In the aftermath of the 27-7 whipping of UCLA on Saturday that halted a four-game slide, Washington State will try to build a winning streak when it plays at California (5-3 overall, 2-3 Pac-10) Saturday night.
The Bears are poster boys for how a season can turn south. Three weeks ago, they were on the threshold of becoming the No. 1 team in the nation, but a boneheaded play by a backup quarterback enabled Oregon State to upset them 31-28.
Then Cal was toppled by UCLA 30-21. Saturday night, the Bears lost at Arizona State 31-20 and now find themselves unranked.
For the Cougars (3-5, 1-4) to prevail, they will have to do something they haven’t done this season - play well on the road against a Pac-10 opponent.
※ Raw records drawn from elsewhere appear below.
Lemma prod_lt_pairs_split n (F : 'I_n -> 'I_n -> R) (c : 'I_n) :
  \prod_(a < n) \prod_(b < n | (a < b)%N) F a b =
    \prod_(a < n | a != c) \prod_(b < n | (b != c) && (a < b)%N) F a b
  * \prod_(a < n | a != c) (if (a < c)%N then F a c else F c a).
Proof.
rewrite (bigD1 c) //= [X in X * _]big_mkcond (bigD1 c) //= ltnn mul1r.
have split_c (a : 'I_n) : \prod_(b < n | (a < b)%N) F a b =
    (if (a < c)%N then F a c else 1) * \prod_(b < n | (b != c) && (a < b)%N) F a b.
  by rewrite big_mkcond (bigD1 c) //= big_mkcondr.
rewrite (eq_bigr _ (fun a _ => split_c a)) big_split /= mulrA mulrC; congr (_ * _).
rewrite -big_split /=; apply: eq_bigr => a ac.
case: ltngtP => [||eq_ac]; rewrite ?mulr1 ?mul1r //.
by move: ac; rewrite -(inj_eq val_inj) /= eq_ac eqxx.
Qed.

Lemma set_weight_swap p xi n (S : {set 'I_n}) (c : 'I_n) : c \notin S ->
    set_weight p xi (c |: S) * \prod_(a < n) pair_factor p (a \in c |: S) false (xi a) (xi c)
  = - (set_weight p xi S * \prod_(a < n) pair_factor p (a \in S) true (xi a) (xi c)).
Proof.
move=> cNS; have memU a : a != c -> (a \in c |: S) = (a \in S).
  by move=> ac; rewrite in_setU1 (negbTE ac).
have swap_sides (W1 W2 P1 Q1 P2 Q2 d : R) : W1 = W2 ->
    P1 * Q1 = P2 * Q2 -> W1 * P1 * (- d * Q1) = - (W2 * P2 * (d * Q2)).
  by move=> <- PQ; transitivity (- (W1 * d * (P1 * Q1))); [ring | rewrite PQ; ring].
rewrite /set_weight (prod_lt_pairs_split _ c) [in RHS](prod_lt_pairs_split _ c).
rewrite [X in _ * X = _](bigD1 c) //= [X in _ = - (_ * X)](bigD1 c) //=.
rewrite setU11 (negbTE cNS); apply: (swap_sides _ _ _ _ _ _ (pq_den p (xi c) (xi c))).
  apply: eq_bigr => a ac; apply: eq_bigr => b /andP[bc _].
  by rewrite !memU.
rewrite -!big_split /=; apply: eq_bigr => a ac; rewrite !memU //.
case: (a < c)%N; first exact: mulrC.
by rewrite (pair_factorC p _ true) (pair_factorC p _ false) !mulNr mulrC.
Qed.

Lemma ext_weight_sum_root p xi n m (c : 'I_n) : ext_weight_sum p xi n m (xi c) = 0.
Proof.
have out_c (S : {set 'I_n}) : c \notin S ->
    \prod_(a < n) pair_factor p (a \in S) false (xi a) (xi c) = 0.
  by move=> cNS; rewrite (bigD1 c) //= (negbTE cNS) pair_factor_diag mul0r.
have in_c (S : {set 'I_n}) : c \in S ->
    \prod_(a < n) pair_factor p (a \in S) true (xi a) (xi c) = 0.
  by move=> cS; rewrite (bigD1 c) //= cS pair_factor_diag mul0r.
rewrite /ext_weight_sum (bigID (fun S : {set 'I_n} => c \in S)) /=.
rewrite [X in _ + X](bigID (fun S : {set 'I_n} => c \in S)) /=.
rewrite [X in _ + X + _]big1 => [|S /andP[_ /out_c ->]]; last by rewrite mulr0.
rewrite [X in _ + (X + _)]big1 => [|S /andP[_ /in_c ->]]; last by rewrite mulr0.
rewrite addr0 add0r (reindex_onto (fun S => c |: S) (fun S => S :\ c)) /=; last first.
  by move=> S /andP[_ cS]; rewrite setD1K.
pose without_c (S : {set 'I_n}) := (#|S|.+1 == m) && (c \notin S).
rewrite [X in X + _](@eq_bigl _ _ _ _ _ _ without_c) => [|S].
  by rewrite -big_split /= big1 // => S /andP[_ cNS]; rewrite set_weight_swap // addNr.
rewrite /without_c setU11 andbT; have [cS|cNS] /= := boolP (c \in S).
  have -> : ((c |: S) :\ c == S) = false by apply/eqP => /setP/(_ c); rewrite !inE eqxx cS.
  by rewrite !andbF.
by rewrite cardsU1 cNS setU1K // eqxx andbT.
Qed.

End PairWeights.

Section Morphisms.
Variables (R R' : comNzRingType) (f : {rmorphism R -> R'}).
Variables (p : R) (xi : nat -> R) (xi' : nat -> R').
Hypothesis f_xi : f \o xi =1 xi'.

Lemma rmorph_pair_factor sa sb x y :
  f (pair_factor p sa sb x y) = pair_factor (f p) sa sb (f x) (f y).
Proof.
by rewrite /pair_factor /pq_den; case: (sa == sb); [|case: sa];
  rewrite ?(rmorphN, rmorphB, rmorphD, rmorphM, rmorph1).
Qed.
They were thrashed 47-14 at USC, 48-20 at Arizona and 53-7 at Oregon, where the Ducks built a 40-0 halftime lead.
The two Pac-10 home games were a competitive 23-20 defeat against a still-undefeated Arizona State on Oct. 6 and the victory Saturday.
The triumph over UCLA came after a bye week that followed the humiliating defeat in Eugene, Ore.
The bye-week theme was that the remaining five games constituted a fresh start.
“We said the next five games are a new season for us,” said quarterback Alex Brink.
To continue winning, the Cougars need to do the two things they did best against the Bruins: 1) Run the ball; 2) Play stout defense.
Dwight Tardy rushed for a career-high 214 yards against UCLA and the Cougars’ defense held the Bruins to a season-low 267 yards as WSU beat the Bruins for the sixth time in seven years.
“If the defense isn’t playing well, the offense starts to force plays and you have mistakes,” said coach Bill Doba. “When you know you can throw the ball away on third down and have a chance to get it right back, it takes the pressure off.”
It helped that UCLA’s best back (Kahlil Bell, who scored a 50-yard touchdown on the third play from scrimmage) and top receiver (Brandon Breazell) both left the game with injuries in the first half and didn’t return.
The Cougars ran 98 plays Saturday, the second-highest total in school history, topped only by 106 against Montana in 1992.
The Cougars, who moved out of the Pac-10 cellar with the victory, still have an outside shot at a bowl game. They have four games remaining - at Cal, at home against Stanford and Oregon State and the Apple Cup in Seattle. They need to win three to become bowl eligible. However, as they learned last year, becoming bowl eligible and going to a bowl are two different things. They finished 6-6 last year and stayed home.